We have never won anything outside this 16-year window. On a personal level, it came to an end just as I was becoming a fan – so I caught the tail end of this period as a tantalising flavour of what life could be like as the supporter of a successful team, followed by a lifetime of disappointment. I started going regularly just after that 1980 zenith. By 1988, I was living in London and going to every home game. Naturally, my first full season saw us relegated. In fact, I’ve managed to support West Ham for only 36 per cent of their total existence but have witnessed all but one of our six relegations.
Sure, there have been some near misses. A couple of finals, a few semi-finals and so on. One of the latter, in the first leg of two, away to Oldham in the League Cup in 1990, we contrived to lose 6-0. In the semi-final of the FA Cup the following year, we lost to Nottingham Forest 4-0. There have been some good times: for every relegation, a promotion and so on. But our speciality has been spoiling it for other teams, most recently helping to kill off Arsenal’s title dreams earlier this month.
The nearest we’ve ever come to winning anything in this five decades run of recurring disappointment came in 2006 when we came very near indeed. Not at Wembley but Cardiff because the 1923-era national stadium was being rebuilt.
West Ham was beating Liverpool 3-2 with the clock in injury time – we just needed to hang on for another three minutes. But unlike the delirious fans around me, even at this advanced stage, I still honestly didn’t believe we could win. So when Steven Gerrard scored his spectacular equaliser, I was far from surprised. In fact, I felt almost a sense of relief that I could finally give up hoping for the impossible. Inevitably, we lost the penalty shootout that followed.
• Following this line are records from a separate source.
(* Let $n$ be a positive integer and let $\lambda$ be a partition with at most $n$ nonzero parts. Then the number $|\mathrm{SVT}(\lambda,n)|$ of set-valued tableaux of shape $\lambda$ with entries in $[n]$ is odd.
   Context: A partition $\lambda$ is identified with its Young diagram $\{(i,j)\in\mathbb{Z}_{>0}^2 : j\le\lambda_i\}$ (row index $i$ increasing downward). A set-valued tableau of shape $\lambda$ with entries in $[n]=\{1,\dots,n\}$ assigns a non-empty subset $T_{i,j}\subseteq[n]$ to each box $(i,j)\in\lambda$ such that $\max T_{i,j}\le\min T_{i,j+1}$ whenever $(i,j),(i,j+1)\in\lambda$ and $\max T_{i,j}<\min T_{i+1,j}$ whenever $(i,j),(i+1,j)\in\lambda$; $\mathrm{SVT}(\lambda,n)$ is the set of these. *)

From mathcomp Require Import all_boot.
Set Implicit Arguments. Unset Strict Implicit. Unset Printing Implicit Defensive.

Definition is_partition (la : seq nat) : bool :=
  sorted geq la && all (fun k => 0 < k) la.

(* Boxes are 0-indexed: (i,j) in la  iff  i < size la and j < la_i. *)
Definition in_shape (la : seq nat) (i j : nat) : bool :=
  (i < size la) && (j < nth 0 la i).

(* Entries in [n] = {1..n} are represented by 'I_n = {0..n-1}
   (order-preserving relabelling k |-> k-1).
   A filling assigns a subset of 'I_n to each cell of the bounding
   rectangle 'I_(size la) x 'I_(head 0 la); cells outside the shape get
   the empty set (so fillings of the shape correspond bijectively to
   these canonical finite functions). *)
Definition filling (la : seq nat) (n : nat) : finType :=
  {ffun 'I_(size la) * 'I_(head 0 la) -> {set 'I_n}}.

Definition maxS n (A : {set 'I_n}) : nat := \max_(x in A) (x : nat).
Definition minS n (A : {set 'I_n}) : nat := \big[minn/n]_(x in A) (x : nat).

Definition is_svt (la : seq nat) (n : nat) (T : filling la n) : bool :=
  [forall c : 'I_(size la) * 'I_(head 0 la),
     let i := (c.1 : nat) in let j := (c.2 : nat) in
     if in_shape la i j then
       [&& T c != set0,
           [forall c' : 'I_(size la) * 'I_(head 0 la),
              ((c'.1 : nat) == i) && ((c'.2 : nat) == j.+1)
                && in_shape la c'.1 c'.2 ==> (maxS (T c) <= minS (T c'))]
         &
           [forall c' : 'I_(size la) * 'I_(head 0 la),
              ((c'.1 : nat) == i.+1) && ((c'.2 : nat) == j)
                && in_shape la c'.1 c'.2 ==> (maxS (T c) < minS (T c'))]]
     else T c == set0].

Definition SVT (la : seq nat) (n : nat) : {set filling la n} :=
  [set T | is_svt T].

From HB Require Import structures.
From mathcomp Require Import all_boot zify.
Set Implicit Arguments. Unset Strict Implicit. Unset Printing Implicit Defensive.

(* Filling every box of row i with {i} gives a set-valued tableau (as
   size la <= n).  Call a box of row i defective when its entry is not {i},
   and toggle the element i in the first defective box in reading order.
   The boxes to its left and above hold their row index, and column
   strictness forces every entry of row i to be at least i, so the result is
   again a set-valued tableau, with the same first defective box.  This
   involution of SVT(la, n) has the row tableau as its only fixed point. *)

HB.instance Definition _ := SemiGroup.isComLaw.Build nat minn minnA minnC.

Section InvolutionParity.
Variables (T : finType) (g : T -> T).

Lemma odd_card_involution (A : {set T}) :
  {in A, forall x, g x \in A} -> {in A, involutive g} ->
  odd #|A| = odd #|[set x in A | g x == x]|.
Proof.
have [k] := ubnP #|A|; elim: k A => // k IH A ltAk gA gK.
have [x /andP[xA gxNx]|] := pickP [pred x in A | g x != x]; last first.
  move=> fixA; suff -> : [set x in A | g x == x] = A by [].
  apply/setP => x; rewrite inE.
  by case xA: (x \in A) => //; move: (fixA x); rewrite /= xA => /negbFE ->.
have pairA : [set x; g x] \subset A by rewrite subUset !sub1set xA gA.
set A' := A :\: [set x; g x].
have cardA : #|A| = #|A'| + 2.
  by rewrite -(cardsID [set x; g x] A) (setIidPr pairA) cards2 eq_sym gxNx addnC.
have gA' : {in A', forall y, g y \in A'}.
  move=> y; rewrite !inE negb_or => /andP[/andP[yx ygx] yA].
  rewrite gA // andbT negb_or; apply/andP; split.
    by apply: contra ygx => /eqP <-; rewrite gK.
  by apply: contra yx => /eqP/(congr1 g); rewrite !gK // => ->.
have fixA' : [set y in A' | g y == y] = [set y in A | g y == y].
  apply/setP => y; rewrite !inE; case: (boolP (y \in A)) => yA; rewrite ?andbF //.
  case: (boolP (g y == y)) => [/eqP gyy|]; rewrite ?andbF // !andbT.
  apply/norP; split; apply: contra gxNx => /eqP eyx; first by rewrite -eyx gyy.
  by rewrite -{2}(gK x xA) -eyx gyy eyx.
have ltA'k : #|A'| < k by move: ltAk; rewrite cardA; lia.
have gK' : {in A', involutive g} by move=> y; rewrite !inE => /andP[_ /gK].
by rewrite cardA addn2 /= negbK IH ?fixA'.
Qed.

End InvolutionParity.

Section MinMax.
Variable n : nat.
Implicit Types A B : {set 'I_n}.

Lemma minS_leq A (x : 'I_n) : x \in A -> minS A <= x.
Proof. by move=> xA; rewrite /minS (bigD1 x) //= geq_minl. Qed.

Lemma maxS_geq A (x : 'I_n) : x \in A -> x <= maxS A.
Proof. exact: (leq_bigmax_cond (F := fun y : 'I_n => y : nat)). Qed.

Lemma minS_geqP A m : m <= n -> reflect {in A, forall x : 'I_n, m <= x} (m <= minS A).
Proof.
move=> le_mn; apply: (iffP idP) => [le_m_min x /minS_leq|le_mA].
  exact: leq_trans.
by rewrite /minS; elim/big_ind: _ => // a b le_ma le_mb; rewrite leq_min le_ma.
Qed.

Lemma leq_maxS_minSP A B :
  reflect {in A & B, forall x y : 'I_n, x <= y} (maxS A <= minS B).
Proof.
apply: (iffP idP) => [le_AB x y /maxS_geq le_xA /minS_leq le_By|le_AB].
  exact: leq_trans le_xA (leq_trans le_AB le_By).
apply/bigmax_leqP => x xA; apply/minS_geqP; first exact: ltnW.
by move=> y; apply: le_AB.
Qed.

Lemma ltn_maxS_minSP A B : A != set0 ->
  reflect {in A & B, forall x y : 'I_n, x < y} (maxS A < minS B).
Proof.
move=> A_neq0; apply: (iffP idP) => [lt_AB x y /maxS_geq le_xA /minS_leq le_By|lt_AB].
  exact: leq_ltn_trans le_xA (leq_trans lt_AB le_By).
rewrite -card_gt0 in A_neq0.
have [a aA maxA] := eq_bigmax_cond (fun y : 'I_n => y : nat) A_neq0.
by rewrite /maxS maxA; apply/minS_geqP => // y; apply: lt_AB.
Qed.

End MinMax.

Lemma in_shape_up la i j :
  is_partition la -> in_shape la i.+1 j -> in_shape la i j.
Proof.
case/andP=> /(sortedP 0) le_la _ /andP[lt_i1 lt_j].
by rewrite /in_shape ltnW //=; apply: leq_trans lt_j (le_la i lt_i1).
Qed.

Section Toggle.
Variable n : nat.
Implicit Types A : {set 'I_n}.

Definition row_set i : {set 'I_n} := [set y : 'I_n | val y == i].

Definition toggle A i : {set 'I_n} := [set y | (val y == i) (+) (y \in A)].

Lemma toggleK i : involutive (toggle^~ i).
Proof. by move=> A; apply/setP => y; rewrite !inE addKb. Qed.

Lemma toggle0 i : toggle set0 i = row_set i.
Proof. by apply/setP => y; rewrite !inE addbF. Qed.

Lemma toggle_row_set i : toggle (row_set i) i = set0.
Proof. by rewrite -toggle0 toggleK. Qed.

Lemma toggle_eq0 A i : (toggle A i == set0) = (A == row_set i).
Proof. by rewrite -(toggle_row_set i) (can_eq (toggleK i)). Qed.

Lemma toggle_eq_row_set A i : (toggle A i == row_set i) = (A == set0).
Proof. by rewrite -toggle0 (can_eq (toggleK i)). Qed.

Lemma mem_toggle A i y : y \in toggle A i -> (val y == i) || (y \in A).
Proof. by rewrite inE; case: (val y == i). Qed.

Lemma toggle_neq A i : i < n -> toggle A i != A.
Proof.
move=> lt_in; apply/eqP => /setP/(_ (Ordinal lt_in)).
by rewrite inE eqxx; case: (_ \in A).
Qed.

End Toggle.

Section Tableaux.
Variables (la : seq nat) (n : nat).
Local Notation cell := ('I_(size la) * 'I_(head 0 la))%type.
Implicit Types (T : filling la n) (b c d : cell).

Definition in_la c := in_shape la c.1 c.2.

Record svt_spec T : Prop := SvtSpec {
  svt_out c : ~~ in_la c -> T c = set0;
  svt_neq0 c : in_la c -> T c != set0;
  svt_row c d : in_la c -> in_la d -> d.1 = c.1 :> nat -> d.2 = c.2.+1 :> nat ->
    {in T c & T d, forall x y : 'I_n, x <= y};
  svt_col c d : in_la c -> in_la d -> d.1 = c.1.+1 :> nat -> d.2 = c.2 :> nat ->
    {in T c & T d, forall x y : 'I_n, x < y}
}.

Lemma is_svtP T : is_svt T <-> svt_spec T.
Proof.
split=> [/forallP svtT|[T_out T_neq0 T_row T_col]].
  split=> [c c_out|c c_in|c d c_in d_in e1 e2|c d c_in d_in e1 e2];
    move: (svtT c); rewrite /= -/(in_la c).
  - by rewrite (negbTE c_out) => /eqP.
  - by rewrite c_in => /and3P[].
  - rewrite c_in => /and3P[_ /forallP/(_ d) + _].
    by rewrite -/(in_la d) d_in e1 e2 !eqxx => /leq_maxS_minSP.
  - rewrite c_in => /and3P[c_neq0 _ /forallP/(_ d)].
    by rewrite -/(in_la d) d_in e1 e2 !eqxx => /(ltn_maxS_minSP _ c_neq0).
apply/forallP => c /=; rewrite -/(in_la c); case: ifPn => [c_in|/T_out->//].
apply/and3P; split; first exact: T_neq0.
  apply/forallP => d; apply/implyP => /andP[/andP[/eqP e1 /eqP e2] d_in].
  exact/leq_maxS_minSP/T_row.
apply/forallP => d; apply/implyP => /andP[/andP[/eqP e1 /eqP e2] d_in].
exact/(ltn_maxS_minSP _ (T_neq0 c c_in))/T_col.
Qed.

Definition reading_index c := c.1 * head 0 la + c.2.

Lemma reading_index_inj : injective reading_index.
Proof.
move=> [[i lt_i] [j lt_j]] [[i' lt_i'] [j' lt_j']]; rewrite /reading_index /= => eq_idx.
have w_gt0 : 0 < head 0 la by apply: leq_ltn_trans lt_j.
have ej : j = j'.
  by move: (congr1 (modn^~ (head 0 la)) eq_idx); rewrite /= !modnMDl !modn_small.
subst j'; move/addIn/eqP: eq_idx; rewrite eqn_pmul2r // => /eqP ei.
by subst i'; congr (_, _); apply: val_inj.
Qed.

Definition defect T c := in_la c && (T c != row_set n c.1).

Definition first_defect T b :=
  defect T b && [forall c, defect T c ==> (reading_index b <= reading_index c)].

Definition flip T b : filling la n :=
  [ffun c => if c == b then toggle (T b) b.1 else T c].

Definition svt_inv T : filling la n :=
  if [pick b | first_defect T b] is Some b then flip T b else T.

Definition row_tableau : filling la n :=
  [ffun c => if in_la c then row_set n c.1 else set0].

Lemma first_defect_uniq T b b' : first_defect T b -> first_defect T b' -> b = b'.
Proof.
move=> /andP[bdef /forallP/(_ b') le_bb'] /andP[b'def /forallP/(_ b) le_b'b].
apply: reading_index_inj; apply/eqP.
by rewrite eqn_leq (implyP le_bb' b'def) (implyP le_b'b bdef).
Qed.

Lemma first_defect_exists T c : defect T c -> exists b, first_defect T b.
Proof.
move=> cdef; have [b bdef min_b] := arg_minnP reading_index cdef.
by exists b; rewrite /first_defect bdef; apply/forallP => d; apply/implyP/min_b.
Qed.

Lemma before_first_defect T b c :
  first_defect T b -> in_la c -> reading_index c < reading_index b ->
  T c = row_set n c.1.
Proof.
case/andP=> _ /forallP/(_ c) + c_in; rewrite /defect c_in /= => min_b lt_cb.
by apply/eqP; move: min_b; rewrite leqNgt lt_cb implybF negbK.
Qed.

Lemma svt_invE T b : first_defect T b -> svt_inv T = flip T b.
Proof.
move=> bfirst; rewrite /svt_inv; case: pickP => [b' /first_defect_uniq/(_ bfirst)->//|].
by move/(_ b); rewrite bfirst.
Qed.

Lemma svt_inv_id T : (forall b, ~~ first_defect T b) -> svt_inv T = T.
Proof.
by move=> nodef; rewrite /svt_inv; case: pickP => // b; rewrite (negbTE (nodef b)).
Qed.

Hypothesis la_part : is_partition la.

Lemma svt_row_geq T c : svt_spec T -> in_la c -> {in T c, forall x : 'I_n, c.1 <= x}.
Proof.
move=> svtT; case: c => [[i lt_i1] j]; elim: i lt_i1 => [//|i IH] lt_i1 c_in x xT /=.
pose a : cell := (Ordinal (ltnW lt_i1), j).
have a_in : in_la a := in_shape_up la_part c_in.
have /set0Pn[y yT] := svt_neq0 svtT a_in.
have := svt_col svtT a_in c_in erefl erefl yT xT.
by have /= := IH _ a_in y yT; lia.
Qed.

(* Rows (r = 0) and columns (r = 1) at once. *)
Lemma flip_adjacent T b c d r : svt_spec T -> first_defect T b ->
    in_la c -> in_la d -> d.1 = c.1 + r :> nat -> reading_index c < reading_index d ->
    {in T c & T d, forall x y : 'I_n, x + r <= y} ->
  {in flip T b c & flip T b d, forall x y : 'I_n, x + r <= y}.
Proof.
move=> svtT bfirst c_in d_in ed lt_cd le_cd x y; rewrite !ffunE.
have /andP[/andP[b_in _] _] := bfirst.
case: (c =P b) => [ecb|ncb]; case: (d =P b) => [edb|ndb].
- by move: lt_cd; rewrite ecb edb ltnn.
- subst c => /mem_toggle/orP[/eqP xb yT|xT yT]; last exact: le_cd.
  by rewrite xb -ed; apply: svt_row_geq d_in _ yT.
- subst d; rewrite (before_first_defect bfirst c_in lt_cd) inE => /eqP-> .
  case/mem_toggle/orP => [/eqP-> | yT]; first by rewrite ed.
  by rewrite -ed; apply: svt_row_geq b_in _ yT.
- exact: le_cd.
Qed.

Lemma flip_spec T b : svt_spec T -> first_defect T b -> svt_spec (flip T b).
Proof.
move=> svtT bfirst; have /andP[/andP[b_in bdef] _] := bfirst.
have flip_adj := flip_adjacent svtT bfirst.
split=> [c c_out|c c_in|c d c_in d_in e1 e2 x y xT yT|c d c_in d_in e1 e2 x y xT yT].
- rewrite ffunE; case: (c =P b) => [ecb|_]; last exact: svt_out.
  by move: c_out; rewrite ecb b_in.
- by rewrite ffunE; case: (c =P b) => [_|_]; [rewrite toggle_eq0 | exact: svt_neq0].
- rewrite -(addn0 x); apply: (flip_adj c d) xT yT => //; first by rewrite addn0.
    by rewrite /reading_index e1 e2 addnS.
  by move=> x' y' xT' yT'; rewrite addn0; apply: svt_row xT' yT'.
- rewrite -addn1; apply: (flip_adj c d) xT yT => //; first by rewrite addn1.
    by have := ltn_ord c.2; rewrite /reading_index e1 e2 mulSn; lia.
  by move=> x' y' xT' yT'; rewrite addn1; apply: svt_col xT' yT'.
Qed.

Lemma svt_inv_spec T : svt_spec T -> svt_spec (svt_inv T).
Proof.
move=> svtT; case: (pickP (first_defect T)) => [b bfirst|nodef].
  by rewrite (svt_invE bfirst); apply: flip_spec.
by rewrite svt_inv_id // => b; rewrite nodef.
Qed.

Lemma first_defect_flip T b :
  svt_spec T -> first_defect T b -> first_defect (flip T b) b.
Proof.
move=> svtT /andP[/andP[b_in _] /forallP min_b].
rewrite /first_defect /defect b_in ffunE eqxx toggle_eq_row_set svt_neq0 //=.
apply/forallP => c; rewrite ffunE.
by case: (c =P b) => [->|_]; [rewrite leqnn implybT | exact: min_b].
Qed.

Lemma svt_invK T : svt_spec T -> svt_inv (svt_inv T) = T.
Proof.
move=> svtT; case: (pickP (first_defect T)) => [b bfirst|nodef]; last first.
  by rewrite !svt_inv_id // => b; rewrite nodef.
rewrite (svt_invE bfirst) (svt_invE (first_defect_flip svtT bfirst)).
by apply/ffunP => c; rewrite !ffunE; case: (c =P b) => [->|//]; rewrite eqxx toggleK.
Qed.

Hypothesis la_le_n : size la <= n.

Lemma row_tableau_spec : svt_spec row_tableau.
Proof.
split=> [c c_out|c c_in|c d c_in d_in e1 _ x y|c d c_in d_in e1 _ x y];
  rewrite !ffunE.
- by rewrite (negbTE c_out).
- rewrite c_in; apply/set0Pn.
  by exists (Ordinal (leq_trans (ltn_ord c.1) la_le_n)); rewrite inE.
- by rewrite c_in d_in !inE => /eqP-> /eqP->; rewrite e1.
- by rewrite c_in d_in !inE => /eqP-> /eqP->; rewrite e1.
Qed.

Lemma svt_inv_fixed T : svt_spec T -> (svt_inv T == T) = (T == row_tableau).
Proof.
move=> svtT; case: (pickP (first_defect T)) => [b bfirst|nodef].
  have /andP[/andP[b_in bdef] _] := bfirst.
  have lt_bn : b.1 < n := leq_trans (ltn_ord b.1) la_le_n.
  have -> : (T == row_tableau) = false.
    by apply: contraNF bdef => /eqP->; rewrite ffunE b_in.
  rewrite (svt_invE bfirst); apply: contraNF (toggle_neq (T b) lt_bn) => /eqP.
  by move/ffunP/(_ b); rewrite ffunE eqxx => ->.
have nodefect c : ~~ defect T c.
  by apply/negP => /first_defect_exists[b]; rewrite nodef.
rewrite svt_inv_id ?eqxx; last by move=> b; rewrite nodef.
apply/esym/eqP/ffunP => c; rewrite ffunE; case: ifPn => [c_in|/(svt_out svtT)//].
by apply/eqP; move: (nodefect c); rewrite /defect c_in negbK.
Qed.

End Tableaux.

Theorem corollaryA2 (n : nat) (la : seq nat) :
  0 < n -> is_partition la -> size la <= n ->
  odd #|SVT la n|.
Proof.
move=> _ la_part la_le_n.
have svtE T : (T \in SVT la n) <-> svt_spec T by rewrite inE; apply: is_svtP.
rewrite (odd_card_involution (g := @svt_inv la n)).
- suff -> : [set T in SVT la n | svt_inv T == T] = [set row_tableau la n].
    by rewrite cards1.
  apply/setP => T; rewrite !inE; case: (boolP (is_svt T)) => [/is_svtP svtT|not_svt].
    by rewrite svt_inv_fixed.
  by apply/esym; apply: contraNF not_svt => /eqP->; apply/is_svtP/row_tableau_spec.
- by move=> T /svtE svtT; apply/svtE/svt_inv_spec.
- by move=> T /svtE; apply: svt_invK.
Qed.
The reason I mention all this is that, despite a largely abject 2022-3 season, we now find ourselves in the unheard-of position of being odds-on to win a trophy, the Uefa Conference League. It may be a competition so obscure and lacking in historical prestige that it has eluded the trophy-hoarding likes of Ronaldo and Messi but it nevertheless represents palpable silverware, something we have now waited 43 years for. So we are not going to get sniffy about it.
West Ham are clear favourites. We just have to negotiate a semi-final against undaunting Dutch side AZ Alkmaar and we’ll be in a final, in Prague next month, against Basel or Fiorentina, both of whom look eminently beatable. What can possibly go wrong? Well, I’m not sure yet how it will go wrong, I just know that it will.
Our rivals Spurs are hardly renowned for winning things either – they haven’t won a trophy of any kind since a modest League Cup 15 years ago and haven’t won the league title since before the invention of The Beatles and sexual intercourse. Yet from this lofty pinnacle of supposed superiority, they like to put us down by describing matches between the two sides as ‘West Ham’s cup final’. But they’re wrong.
Our true cup final was the White Horse match. And for all the many disappointments, it gives us one point of distinction that no rival can ever match: the 1923 final saw the biggest crowd ever recorded at any football match anywhere ever. The police estimate put the number present at around 300,000, a figure that will never be surpassed, and many more than the official record crowd, 199,854 at the Maracana stadium for the 1950 World Cup Final between Brazil and Uruguay.
By this metric, West Ham are the biggest club in the world – just ahead of Bolton, currently stuck in the third tier. And we always will be. Even if we never win anything ever again, which we probably won’t.